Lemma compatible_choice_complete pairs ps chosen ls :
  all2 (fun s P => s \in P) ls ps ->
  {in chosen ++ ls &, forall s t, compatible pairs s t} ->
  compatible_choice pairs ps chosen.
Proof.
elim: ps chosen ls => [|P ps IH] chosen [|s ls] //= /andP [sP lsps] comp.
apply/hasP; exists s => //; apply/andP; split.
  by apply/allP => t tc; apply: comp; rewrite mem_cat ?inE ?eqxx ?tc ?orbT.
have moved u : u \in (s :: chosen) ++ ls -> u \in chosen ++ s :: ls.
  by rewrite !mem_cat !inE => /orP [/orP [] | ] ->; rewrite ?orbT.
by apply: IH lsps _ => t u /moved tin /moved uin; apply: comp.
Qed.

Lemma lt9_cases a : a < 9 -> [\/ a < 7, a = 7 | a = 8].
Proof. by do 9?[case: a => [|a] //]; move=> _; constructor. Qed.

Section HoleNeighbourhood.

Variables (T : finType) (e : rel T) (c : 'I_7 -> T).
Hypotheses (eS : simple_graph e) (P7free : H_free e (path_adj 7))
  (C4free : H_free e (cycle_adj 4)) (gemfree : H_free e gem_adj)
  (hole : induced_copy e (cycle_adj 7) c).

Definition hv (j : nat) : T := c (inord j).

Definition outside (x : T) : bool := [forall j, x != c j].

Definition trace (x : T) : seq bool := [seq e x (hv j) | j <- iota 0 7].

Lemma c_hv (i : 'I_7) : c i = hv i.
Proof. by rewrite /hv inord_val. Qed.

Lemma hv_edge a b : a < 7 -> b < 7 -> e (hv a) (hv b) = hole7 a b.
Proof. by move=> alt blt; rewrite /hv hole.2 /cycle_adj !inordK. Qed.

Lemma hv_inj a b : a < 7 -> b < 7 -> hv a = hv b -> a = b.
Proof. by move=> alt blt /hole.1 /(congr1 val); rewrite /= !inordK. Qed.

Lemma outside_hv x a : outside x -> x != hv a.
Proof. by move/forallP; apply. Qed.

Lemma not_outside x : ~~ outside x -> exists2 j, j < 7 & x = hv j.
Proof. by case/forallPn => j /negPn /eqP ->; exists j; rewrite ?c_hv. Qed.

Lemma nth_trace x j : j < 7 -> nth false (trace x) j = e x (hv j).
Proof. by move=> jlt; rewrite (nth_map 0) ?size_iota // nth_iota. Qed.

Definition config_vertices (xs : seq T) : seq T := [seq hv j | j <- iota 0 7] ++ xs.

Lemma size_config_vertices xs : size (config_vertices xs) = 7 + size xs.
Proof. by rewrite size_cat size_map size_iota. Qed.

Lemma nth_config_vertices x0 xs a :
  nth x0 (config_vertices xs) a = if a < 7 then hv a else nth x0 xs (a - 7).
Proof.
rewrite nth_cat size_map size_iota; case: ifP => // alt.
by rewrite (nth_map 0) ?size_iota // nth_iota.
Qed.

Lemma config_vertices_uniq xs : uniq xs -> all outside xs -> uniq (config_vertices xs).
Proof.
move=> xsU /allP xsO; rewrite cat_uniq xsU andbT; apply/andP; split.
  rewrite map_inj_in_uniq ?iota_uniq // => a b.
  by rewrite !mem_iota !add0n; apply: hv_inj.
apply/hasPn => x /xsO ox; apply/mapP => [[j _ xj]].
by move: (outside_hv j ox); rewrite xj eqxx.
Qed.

---

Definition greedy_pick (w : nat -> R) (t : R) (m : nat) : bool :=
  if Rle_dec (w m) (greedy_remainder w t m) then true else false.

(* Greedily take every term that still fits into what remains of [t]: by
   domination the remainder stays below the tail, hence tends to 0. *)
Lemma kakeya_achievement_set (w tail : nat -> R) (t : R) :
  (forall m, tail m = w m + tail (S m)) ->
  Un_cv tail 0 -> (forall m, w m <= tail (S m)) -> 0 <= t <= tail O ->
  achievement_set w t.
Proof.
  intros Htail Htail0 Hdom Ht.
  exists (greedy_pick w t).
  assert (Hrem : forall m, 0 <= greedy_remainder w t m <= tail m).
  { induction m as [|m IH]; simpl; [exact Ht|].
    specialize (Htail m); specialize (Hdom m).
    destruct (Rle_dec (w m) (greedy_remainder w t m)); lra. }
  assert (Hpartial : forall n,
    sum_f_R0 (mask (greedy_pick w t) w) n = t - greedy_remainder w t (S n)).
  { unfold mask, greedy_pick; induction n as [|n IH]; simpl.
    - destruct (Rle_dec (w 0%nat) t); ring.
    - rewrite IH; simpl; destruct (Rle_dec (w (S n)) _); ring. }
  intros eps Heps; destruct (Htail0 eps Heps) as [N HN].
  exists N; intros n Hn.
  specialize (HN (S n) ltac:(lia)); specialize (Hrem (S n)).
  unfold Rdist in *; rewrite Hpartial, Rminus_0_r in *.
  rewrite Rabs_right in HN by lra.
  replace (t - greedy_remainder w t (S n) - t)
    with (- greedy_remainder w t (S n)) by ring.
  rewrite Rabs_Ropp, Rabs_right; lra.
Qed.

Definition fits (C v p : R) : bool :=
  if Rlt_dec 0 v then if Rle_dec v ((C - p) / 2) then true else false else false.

==

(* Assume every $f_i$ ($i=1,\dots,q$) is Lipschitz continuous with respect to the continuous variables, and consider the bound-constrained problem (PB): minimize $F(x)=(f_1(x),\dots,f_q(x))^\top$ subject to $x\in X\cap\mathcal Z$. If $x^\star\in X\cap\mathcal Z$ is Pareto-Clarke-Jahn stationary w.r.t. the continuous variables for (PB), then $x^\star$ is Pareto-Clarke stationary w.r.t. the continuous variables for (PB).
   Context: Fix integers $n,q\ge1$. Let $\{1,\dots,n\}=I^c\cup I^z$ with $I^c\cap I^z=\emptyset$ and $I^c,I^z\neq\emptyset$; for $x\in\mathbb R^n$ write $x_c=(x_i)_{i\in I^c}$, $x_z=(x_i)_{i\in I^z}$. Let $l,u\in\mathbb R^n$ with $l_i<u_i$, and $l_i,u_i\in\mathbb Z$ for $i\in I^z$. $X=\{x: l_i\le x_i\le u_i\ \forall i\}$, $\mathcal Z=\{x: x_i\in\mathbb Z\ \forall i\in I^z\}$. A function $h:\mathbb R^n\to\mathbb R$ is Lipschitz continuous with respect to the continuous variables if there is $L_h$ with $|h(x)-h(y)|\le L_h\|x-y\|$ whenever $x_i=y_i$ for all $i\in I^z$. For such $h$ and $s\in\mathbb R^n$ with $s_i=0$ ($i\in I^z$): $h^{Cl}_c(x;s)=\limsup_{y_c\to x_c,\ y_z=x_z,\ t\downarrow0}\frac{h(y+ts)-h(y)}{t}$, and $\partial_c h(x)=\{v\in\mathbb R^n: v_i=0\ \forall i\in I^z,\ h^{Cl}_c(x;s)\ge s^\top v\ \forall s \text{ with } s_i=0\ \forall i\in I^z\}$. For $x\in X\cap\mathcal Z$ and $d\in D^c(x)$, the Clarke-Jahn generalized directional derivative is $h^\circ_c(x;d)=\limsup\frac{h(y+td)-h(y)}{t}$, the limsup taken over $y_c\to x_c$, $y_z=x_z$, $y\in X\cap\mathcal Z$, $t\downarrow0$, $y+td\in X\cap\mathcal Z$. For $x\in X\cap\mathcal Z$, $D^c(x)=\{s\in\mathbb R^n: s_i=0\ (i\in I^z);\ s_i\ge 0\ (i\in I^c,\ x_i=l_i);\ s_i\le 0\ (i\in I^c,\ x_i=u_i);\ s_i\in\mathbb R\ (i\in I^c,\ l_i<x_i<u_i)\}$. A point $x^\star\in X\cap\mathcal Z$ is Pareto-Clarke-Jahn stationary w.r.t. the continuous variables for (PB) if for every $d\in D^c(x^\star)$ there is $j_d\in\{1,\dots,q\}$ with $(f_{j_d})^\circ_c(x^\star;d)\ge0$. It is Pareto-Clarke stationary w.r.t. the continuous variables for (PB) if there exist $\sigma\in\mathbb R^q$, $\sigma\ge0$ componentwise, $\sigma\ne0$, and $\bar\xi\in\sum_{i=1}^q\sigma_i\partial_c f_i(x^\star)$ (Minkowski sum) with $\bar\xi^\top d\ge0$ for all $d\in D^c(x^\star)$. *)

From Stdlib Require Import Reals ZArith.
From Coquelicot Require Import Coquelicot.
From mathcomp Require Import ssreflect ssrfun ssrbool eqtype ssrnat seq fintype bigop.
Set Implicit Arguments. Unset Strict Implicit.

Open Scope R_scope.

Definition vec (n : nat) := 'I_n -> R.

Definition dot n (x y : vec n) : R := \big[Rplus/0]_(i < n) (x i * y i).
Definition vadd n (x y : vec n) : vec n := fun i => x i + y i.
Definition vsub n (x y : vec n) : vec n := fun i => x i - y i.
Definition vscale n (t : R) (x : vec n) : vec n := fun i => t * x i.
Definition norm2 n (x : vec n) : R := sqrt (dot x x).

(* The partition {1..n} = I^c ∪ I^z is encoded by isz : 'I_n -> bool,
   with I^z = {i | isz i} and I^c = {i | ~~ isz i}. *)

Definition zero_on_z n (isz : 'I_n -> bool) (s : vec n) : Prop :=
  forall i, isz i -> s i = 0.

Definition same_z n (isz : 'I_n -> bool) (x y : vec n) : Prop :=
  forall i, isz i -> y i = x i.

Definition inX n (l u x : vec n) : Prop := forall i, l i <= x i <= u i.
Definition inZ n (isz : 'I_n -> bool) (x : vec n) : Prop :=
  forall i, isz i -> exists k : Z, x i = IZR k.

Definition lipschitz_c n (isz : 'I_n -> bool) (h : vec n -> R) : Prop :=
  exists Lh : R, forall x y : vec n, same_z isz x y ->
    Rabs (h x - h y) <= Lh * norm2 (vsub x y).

Task
Of the lines above, extract only those from the line with "[|n IH]; simpl." to the line with "if Rlt_dec 0", both included, exactly as written.

Exercise result
  { unfold mask, greedy_pick; induction n as [|n IH]; simpl.
    - destruct (Rle_dec (w 0%nat) t); ring.
    - rewrite IH; simpl; destruct (Rle_dec (w (S n)) _); ring. }
  intros eps Heps; destruct (Htail0 eps Heps) as [N HN].
  exists N; intros n Hn.
  specialize (HN (S n) ltac:(lia)); specialize (Hrem (S n)).
  unfold Rdist in *; rewrite Hpartial, Rminus_0_r in *.
  rewrite Rabs_right in HN by lra.
  replace (t - greedy_remainder w t (S n) - t)
    with (- greedy_remainder w t (S n)) by ring.
  rewrite Rabs_Ropp, Rabs_right; lra.
Qed.

Definition fits (C v p : R) : bool :=
  if Rlt_dec 0 v then if Rle_dec v ((C - p) / 2) then true else false else false.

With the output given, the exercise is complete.